Medical card holders in Louth are facing difficulty accessing dental care due to a large number of dentists leaving a scheme that provides free dental care due to issues with lack of PPE and state fees.
Two-thirds of dentists in Louth and Meath who were involved in the Dental Treatment Services Scheme (DTTS) are expected to have left the scheme between 2019 and the end of 2021, according to the HSE.
According to Des O’Flynn, Chief Officer with the Midlands Louth Meath Community Healthcare Organisation, the number of dentists participating in the scheme in 2019 was 61 and is expected to drop to 21 by the end of the year.
“In Louth and Meath there has been a reduction in the numbers of participating dental contractors from 61 in 2019 to an estimated 21 contractors remaining by the end of this year based on the current number of dentists who have indicated their intention to resign,” said Mr O’Flynn, in correspondence with Fine Gael TD for Louth, Fergus O’Dowd.
He said that medical card holders are facing issues receiving dental care due to the lack of participating dentists, but also by the fact that many who are part of the scheme are not taking on new patients.

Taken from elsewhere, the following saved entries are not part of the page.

Lemma block_wexp_pos kl : (0 < (block_wexp kl).1)%N.
Proof.
by case: kl => k l; rewrite /block_wexp /=; case: ifP => _; [|case: ifP => _] => /=; lia.
Qed.

Lemma short_of_weight0 p b bl : short_of p.+1 0 b bl = false.
Proof.
case: bl => [|kl r]; rewrite /short_of ?andbF //= /wexp_blocks big_cons xpair_eqE.
by rewrite addn_eq0 eqn0Ngt block_wexp_pos !andbF.
Qed.

(* The coefficient of q^a t^b in Nshort n p is that of T_p once n >= a + 2:
   both sides satisfy the same recursion, by strong induction on n. *)
Lemma Nshort_Kcore n p a b : (a + 2 <= n)%N -> Nshort n p a b = Kcore p a b.
Proof.
elim/ltn_ind: n p a b => n IH [|p] a b ha; first by rewrite Nshort0 Kcore0.
case: n IH ha => [|[|[|n]]] IH ha; try lia.
  have -> : a = 0%N by lia.
  rewrite Kcore_low // /Nshort (eq_count (a2 := pred0)) ?count_pred0 // => s /=.
  by rewrite short_of_weight0.
rewrite Nshort_rec Kcore_rec /sadd /sshift.
by congr (_ + _ + _); case: ifP => // /andP [h1 h2]; apply: IH; lia.
Qed.

Lemma count_short_seq n a b :
  (count (short_seq a b) (bitseqs n))%:Z = \sum_(p < n.+1) Nshort n p a b.
Proof.
rewrite (count_by_blocks (fun _ => short_seq a b)) -natz natr_sum.
apply: eq_bigr => p _; rewrite natz /Nshort.
by congr Posz; apply: eq_count => s; rewrite /short_seq /short_of andbA.
Qed.

Lemma count_run3 m a b :
  (count (fun s => adm_of a b [:: true, true, true, false & s]) (bitseqs m))%:Z =
  \sum_(p < m.+1) sshift (8 * p + 12) (8 * p + 5) (Nshort m p) a b.
Proof.
rewrite (count_by_blocks (fun _ s => adm_of a b [:: true, true, true, false & s])).
rewrite -natz natr_sum; apply: eq_bigr => p _.
by rewrite natz (eq_count (adm_of_run3 p a b)) count_guarded /sshift; case: ifP.
Qed.

Lemma sum_ord_trunc (R : nmodType) (f : nat -> R) N M : (M <= N)%N ->
  (forall p, (M <= p)%N -> f p = 0) -> \sum_(p < N) f p = \sum_(p < M) f p.
Proof.
move=> hMN hf; rewrite -(subnKC hMN); elim: (N - M)%N => [|k IH]; first by rewrite addn0.
by rewrite addnS big_ord_recr /= IH hf ?addr0 // leq_addr.
Qed.

Lemma Kcore_shift_low p c d a b : (a < p)%N -> sshift c d (Kcore p) a b = 0.
Proof. by move=> hap; rewrite /sshift; case: ifP => // _; apply: Kcore_low; lia. Qed.

Lemma Kterm_low p a b : (a < p)%N -> Kterm p a b = 0.
Proof. by move=> hap; rewrite Kterm_split /sadd Kcore_low // Kcore_shift_low // addr0. Qed.

Lemma Kn_coef m a b : (a <= m)%N -> Kn m.+4 a b = \sum_(p < a.+1) Kterm p a b.
Proof.
move=> ham; rewrite /Kn (card_tuples_count _ (adm_of a b)) count_adm_of PoszD.
rewrite count_short_seq count_run3.
have -> : \sum_(p < m.+4.+1) Nshort m.+4 p a b = \sum_(p < a.+1) Kcore p a b.
  rewrite -(@sum_ord_trunc _ (fun p => Kcore p a b) m.+4.+1); last 2 first.
  - by lia.
  - by move=> p hp; apply: Kcore_low.
  by apply: eq_bigr => p _; apply: Nshort_Kcore; lia.
have -> : \sum_(p < m.+1) sshift (8 * p + 12) (8 * p + 5) (Nshort m p) a b =
          \sum_(p < a.+1) sshift (8 * p + 12) (8 * p + 5) (Kcore p) a b.
  rewrite -(@sum_ord_trunc _ (fun p : nat => sshift (8 * p + 12) (8 * p + 5) (Kcore p) a b) m.+1).
  - apply: eq_bigr => p _; rewrite /sshift; case: ifP => // /andP [h1 _].
    by apply: Nshort_Kcore; lia.
  - by [].
  - by move=> p hp; apply: Kcore_shift_low.
by rewrite -big_split; apply: eq_bigr => p _; rewrite Kterm_split.
Qed.

Lemma Kpartial_coef P a b : (a < P)%N -> Kpartial P a b = \sum_(p < a.+1) Kterm p a b.
Proof.
move=> haP; rewrite /Kpartial (big_morph (fun F : series => F a b) (id1 := 0) (op1 := +%R)) //.
by apply: (@sum_ord_trunc int (fun p => Kterm p a b)) => // p; apply: Kterm_low.
Qed.

Theorem mainTheorem11 :
  exists K : series, coef_conv Kn K /\ coef_conv Kpartial K.
Proof.
exists (fun a b => \sum_(p < a.+1) Kterm p a b); split => a b.
  exists (a + 4)%N => n han; rewrite -(subnK (leq_trans (leq_addl a 4) han)) addn4.
  by apply: Kn_coef; lia.
by exists a.+1 => P haP; apply: Kpartial_coef.
Qed.
Lemma decays_of_decay_tower n a (F : nat -> R -> R) g :
  (forall k, is_derive_pos (F k) (F (S k))) -> (forall y, 0 < y -> F 0%nat y = g y) ->
  decay_tower n a g -> forall k, (k <= n)%nat -> decays (a + k) (F k).
Proof. intros DF E. exact (chain_of_tower n _ F g (decays_pos_local a) DF E). Qed.

Lemma decay_tower_inv n : decay_tower n 1 (fun y => / y).
Proof.
  induction n as [|n IH].
  all: assert (Dinv : decays 1 (fun y => / y)).
  1,3: exists 1; intros y Hy; rewrite pow_1, Rdiv_1_l;
       apply Rabs_le; pose proof (Rinv_0_lt_compat y ltac:(lra)); split; lra.
  - split; [exact Dinv | exact I].
  - apply (decay_tower_cons _ _ _ (fun y => -1 * (/ y * / y))); auto.
    + intros y Hy. assert (H := is_derive_inv (fun y => y) y _ (is_derive_id y) ltac:(lra)).
      replace (-1 * (/ y * / y)) with (- one / y ^ 2) by (simpl; unfold one; simpl; field; lra).
      exact H.
    + apply decay_tower_scal, (decay_tower_mult n 1 1); auto.
Qed.

(** * Parity of jets at 0 *)

Definition vanishes_if (C : Prop) (g : R -> R) : Prop := exists l, lim0 g l /\ (C -> l = 0).

(* [jet_tower n p N M g]: the right limits at 0 of g, g', ..., g^(n) exist, and the k-th one
   vanishes when k < M (g vanishes to order M), or when k < N and k is even for p = true,
   odd for p = false (up to order N, g has the parity of an odd, resp. even, function). *)
Definition jet_zero (p : bool) (N M k : nat) : Prop :=
  (k < M)%nat \/ (k < N)%nat /\ xorb p (Nat.odd k) = true.

Definition jet_tower (n : nat) (p : bool) (N M : nat) : (R -> R) -> Prop :=
  tower n (fun k => vanishes_if (jet_zero p N M k)).
(* For every integer $r\ge 1$, $$\sum_{n=1}^{\infty}\frac{n4^n}{(2n-1)^2(4n+2r-1)}\frac{\binom{2n}{n}}{\binom{4n+2r-2}{2n+r-1}}=\sqrt{2}\sum_{k=0}^{r}\frac{(-1)^k}{(2k+1)2^{2r-k-1}}\binom{r}{k}\mathcal{B}(k),$$ where $\mathcal{B}(k)=\int_0^{1/2}\frac{t^k}{\sqrt{1-t}}\,\mathrm{d}t$. *)

From Stdlib Require Import Reals.
From Coquelicot Require Import Coquelicot.
Open Scope R_scope.

(* B(k) = \int_0^{1/2} t^k / sqrt(1-t) dt  (proper Riemann integral; the
   integrand is continuous on [0,1/2]). *)
Definition calB (k : nat) : R :=
  RInt (fun t => t ^ k / sqrt (1 - t)) 0 (1 / 2).

Definition lhs_term (r n : nat) : R :=
  INR n * 4 ^ n / ((2 * INR n - 1) ^ 2 * (4 * INR n + 2 * INR r - 1))
  * (Binomial.C (2 * n) n / Binomial.C (4 * n + 2 * r - 2) (2 * n + r - 1)).

(* The right-hand side. For 0 <= k <= r and r >= 1, 2r-k-1 >= 0, so the
   natural-number subtraction in the exponent is exact. *)
Definition rhs_value (r : nat) : R :=
  sqrt 2 * sum_f_R0 (fun k =>
    (-1) ^ k / ((2 * INR k + 1) * 2 ^ (2 * r - k - 1)) * Binomial.C r k * calB k) r.

From Stdlib Require Import Reals Lra Lia.
From Coquelicot Require Import Coquelicot.
Open Scope R_scope.

(* Let b_m = C(2m,m)/4^m, the Taylor coefficients of 1/sqrt(1-y), and
   phi_r(w) = int_0^w (1-t^2)^r dt, expanded binomially.  Integrating by parts
   against Wallis' integrals int_0^1 (1-w^2)^K dw = 1/((2K+1) b_K) shows that
   the m-th term of the series (shifted by one) is
   4^(1-r) b_m int_0^1 phi_r(w) w (1-w^2)^(2m) dw.  Summing under the integral
   with y = (1-w^2)^2, so that 1 - y = w^2 (2-w^2), the series becomes
   4^(1-r) int_0^1 phi_r(w) / sqrt(2-w^2) dw, and the substitution t = w^2/2
   turns this into the right-hand side.  The interchange is justified by the
   remainder estimate 0 <= 1 - sqrt(1-y) sum_(m<=N) b_m y^m
   <= b_(N+1) y^(N+1) / sqrt(1-y) together with b_N -> 0. *)

Lemma is_derive_value (f : R -> R) x l l' : is_derive f x l -> l = l' -> is_derive f x l'.
Proof. now intros H <-. Qed.

Lemma is_RInt_value (f : R -> R) a c l l' : is_RInt f a c l -> l = l' -> is_RInt f a c l'.
Proof. now intros H <-. Qed.

Lemma is_RInt_scal_l (f : R -> R) a c l u :
  is_RInt f a c l -> is_RInt (fun x => u * f x) a c (u * l).
Proof. apply (is_RInt_scal (V := R_NormedModule)). Qed.

Lemma is_RInt_const_R a c v : is_RInt (fun _ => v) a c ((c - a) * v).
Proof. apply (is_RInt_const (V := R_NormedModule)). Qed.

Lemma is_RInt_sum_f_R0 (f : nat -> R -> R) (v : nat -> R) a c n :
  (forall k, (k <= n)%nat -> is_RInt (f k) a c (v k)) ->
  is_RInt (fun y => sum_f_R0 (fun k => f k y) n) a c (sum_f_R0 v n).
Proof.
  induction n as [|n IH]; intro H; simpl; [apply H; lia|].
  apply (is_RInt_plus (V := R_NormedModule)); [apply IH; intros|]; apply H; lia.
Qed.

Lemma is_RInt_RInt_of_ex_derive (f : R -> R) a c :
  (forall x, Rmin a c <= x <= Rmax a c -> ex_derive f x) -> is_RInt f a c (RInt f a c).
Proof.
  intro H. apply (RInt_correct (V := R_CompleteNormedModule)).
  apply (ex_RInt_continuous (V := R_CompleteNormedModule)).
  intros x Hx. apply (ex_derive_continuous (K := R_AbsRing) (V := R_NormedModule)), H, Hx.
Qed.

Lemma is_RInt_derive_zero (h dh : R -> R) a c :
  (forall x, Rmin a c <= x <= Rmax a c -> is_derive h x (dh x)) ->
  (forall x, Rmin a c <= x <= Rmax a c -> ex_derive dh x) ->
  h a = h c -> is_RInt dh a c 0.
Proof.
  intros Hd Hc Eh. eapply is_RInt_value.
  - apply (is_RInt_derive (V := R_CompleteNormedModule)); [exact Hd|].
    intros x Hx. apply (ex_derive_continuous (K := R_AbsRing) (V := R_NormedModule)), Hc, Hx.
  - rewrite Eh. apply (minus_eq_zero (G := R_AbelianGroup)).
Qed.

Lemma le_of_is_derive_nonneg (f df : R -> R) a c :
  a <= c -> (forall x, a <= x <= c -> is_derive f x (df x)) ->
  (forall x, a <= x <= c -> 0 <= df x) -> f a <= f c.
Proof.
  intros Hac Hd Hp.
  destruct (MVT_gen f a c df) as [x [Hx E]]; rewrite ?Rmin_left, ?Rmax_right in * by lra.
  - intros x Hx. apply Hd; lra.
  - intros x Hx. apply continuity_pt_filterlim.
    apply (ex_derive_continuous (K := R_AbsRing) (V := R_NormedModule)).
    exists (df x). apply Hd; lra.
  - specialize (Hp x ltac:(lra)). nra.
Qed.

Fixpoint central_binom_ratio (n : nat) : R :=
  match n with
  | O => 1
  | S n => central_binom_ratio n * (2 * INR n + 1) / (2 * INR n + 2)
  end.

Lemma central_binom_ratio_S n :
  central_binom_ratio (S n) = central_binom_ratio n * (2 * INR n + 1) / (2 * INR n + 2).
Proof. reflexivity. Qed.

Lemma central_binom_ratio_pos n : 0 < central_binom_ratio n.
Proof.
  induction n as [|n IH]; simpl; [lra|].
  pose proof (pos_INR n).
  apply Rdiv_lt_0_compat; [apply Rmult_lt_0_compat|]; lra.
Qed.

Lemma C_central_binom n : Binomial.C (2 * n) n = 4 ^ n * central_binom_ratio n.
Proof.
  induction n as [|n IH]; [unfold Binomial.C; simpl; field|].
  rewrite central_binom_ratio_S.
  unfold Binomial.C in *.
  replace (2 * n - n)%nat with n in IH by lia.
  replace (2 * S n - S n)%nat with (S n) by lia.
  replace (2 * S n)%nat with (S (S (2 * n))) by lia.
  assert (Eb : central_binom_ratio n =
     INR (Factorial.fact (2 * n)) / (INR (Factorial.fact n) * INR (Factorial.fact n)) / 4 ^ n).
  { rewrite IH. field. apply pow_nonzero; lra. }
  rewrite Eb, !fact_simpl, !mult_INR, !S_INR, mult_INR.
  pose proof (INR_fact_neq_0 n). pose proof (INR_fact_neq_0 (2 * n)). pose proof (pos_INR n).
  simpl. field. repeat split; try lra. apply pow_nonzero; lra.
Qed.

Lemma central_binom_ratio_sqr_le n :
  central_binom_ratio n * central_binom_ratio n <= / (INR n + 1).
Proof.
  induction n as [|n IH]; [simpl; lra|].
  rewrite central_binom_ratio_S, S_INR.
  pose proof (pos_INR n). set (x := INR n) in *. set (c := central_binom_ratio n) in *.
  apply Rle_trans with (/ (x + 1) * ((2 * x + 1) ^ 2 / (2 * x + 2) ^ 2)).
  - replace (c * (2 * x + 1) / (2 * x + 2) * (c * (2 * x + 1) / (2 * x + 2)))
      with (c * c * ((2 * x + 1) ^ 2 / (2 * x + 2) ^ 2)) by (field; lra).
    apply Rmult_le_compat_r; [|exact IH].
    apply Rdiv_le_0_compat; nra.
  - assert (E : / (x + 1 + 1) - / (x + 1) * ((2 * x + 1) ^ 2 / (2 * x + 2) ^ 2)
                = (3 * x + 2) / (4 * (x + 1) ^ 3 * (x + 2))) by (field; lra).
    assert (0 <= (3 * x + 2) / (4 * (x + 1) ^ 3 * (x + 2))).
    { apply Rdiv_le_0_compat; nra. }
    lra.
Qed.

Lemma is_lim_seq_central_binom_ratio : is_lim_seq central_binom_ratio 0.
Proof.
  assert (Hsq : is_lim_seq (fun n => central_binom_ratio n * central_binom_ratio n) 0).
  { apply is_lim_seq_le_le with (fun _ => 0) (fun n => / (INR n + 1)).
    - intro n. pose proof (central_binom_ratio_pos n).
      split; [nra | apply central_binom_ratio_sqr_le].
    - apply is_lim_seq_const.
    - replace (Finite 0) with (Rbar_inv p_infty) by reflexivity.
      apply is_lim_seq_inv; [|discriminate].
      apply is_lim_seq_ext with (fun n => INR (S n)); [intro; apply S_INR|].
      apply -> is_lim_seq_incr_1. apply is_lim_seq_INR. }
  apply is_lim_seq_ext with (fun n => sqrt (central_binom_ratio n * central_binom_ratio n)).
  { intro n. apply sqrt_square. apply Rlt_le, central_binom_ratio_pos. }
  rewrite <- sqrt_0. apply is_lim_seq_continuous; [apply continuity_pt_sqrt; lra | exact Hsq].
Qed.

Definition phi (r : nat) (w : R) : R :=
  sum_f_R0 (fun k => Binomial.C r k * (-1) ^ k * w ^ (2 * k + 1) / (2 * INR k + 1)) r.

Lemma is_derive_phi r w : is_derive (phi r) w ((1 - w ^ 2) ^ r).
Proof.
  apply is_derive_ext with
    (fun y => sum_n (fun k => Binomial.C r k * (-1) ^ k * y ^ (2 * k + 1) / (2 * INR k + 1)) r).
  { intro y. apply sum_n_Reals. }
  eapply is_derive_value.
  { apply (is_derive_sum_n (K := R_AbsRing) (V := R_NormedModule)
             _ r w (fun k => Binomial.C r k * (-1) ^ k * w ^ (2 * k))).
    intros k _. auto_derive; [easy|].
    replace (Init.Nat.pred (k + (k + 0) + 1)) with (2 * k)%nat by lia.
    replace (k + (k + 0) + 1)%nat with (S (2 * k)) by lia.
    rewrite S_INR, mult_INR. pose proof (pos_INR k). simpl. field. lra. }
  rewrite sum_n_Reals.
  replace (1 - w ^ 2) with (- w ^ 2 + 1) by ring. rewrite binomial.
  apply sum_eq. intros k _.
  rewrite pow1, pow_mult. replace (- w ^ 2) with (-1 * w ^ 2) by ring.
  rewrite Rpow_mult_distr. ring.
Qed.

Mr O’Flynn said that the HSE cannot make changes to the scheme unilaterally and that they need permission from the Department of Health.
According to Mr O’Flynn, the Louth Meath HSE Dental Service has worked to provide information and assistance to patients who are seeking dental care from DTSS providers, but that requests have become more frequent as they fail to access care.
“More recently, these requests from patients have become more frequent as many fail to access care and in many cases there is no option of redirecting patients to alternative DTSS contractors due the ever increasing resignations from the scheme,” said Mr O’Flynn.
Current guidelines only allow for the HSE Dental Service to provide emergency care to those who cannot access a DTSS dentist.
“We are mindful that arrangements for an emergency dental service for adults should take full account of the need to protect services for children and adults requiring special care.
“However, if necessary the HSE will need to prioritise their services to provide a minimum of emergency care to all eligible patients.
“This will inevitably have a significant impact on the special needs and children’s dental service in Louth and Meath, a service that already has significant backlogs due to the reduction in capacity with new Covid-19 work practices, extensive redeployment of Dental Staff during the pandemic and the difficulty at present in recruiting Dental Surgeons in Ireland.”
In response to a parliamentary question by Deputy O’Dowd on the issue of DTSS dentists in Louth and Meath, Health Minister Stephen Donnelly said that it was “regrettable” that so many dentists opted to leave the scheme.
“It is regrettable that a significant number of dentists chose to leave the Scheme that provides care for medical card patients during the pandemic, which has led to difficulties for medical card patients in accessing dental care in some parts of the country,” said Minister Donnelly.
He said that there had been engagement between the Department, the HSE and dentists on issues like infection control throughout the pandemic.
He added that there needed to be an alignment of the DTSS with international best practice, and that such an alignment had been delayed due to the Covid-19 pandemic.
“I have given a commitment to a substantive review of the DTSS, which will include fees paid to dentists. I have also acknowledged the immediate issues of concern with current arrangements under the Scheme.
“I instructed my officials to hold talks with the Irish Dental Association to address both of these issues. I am aware that preliminary talks were held in June this year and that it is proposed to hold further talks in the coming weeks.”
Mr Donnelly also said that there was an additional €10 million allocated to the DTSS scheme in Budget 2022, on top of €56 million.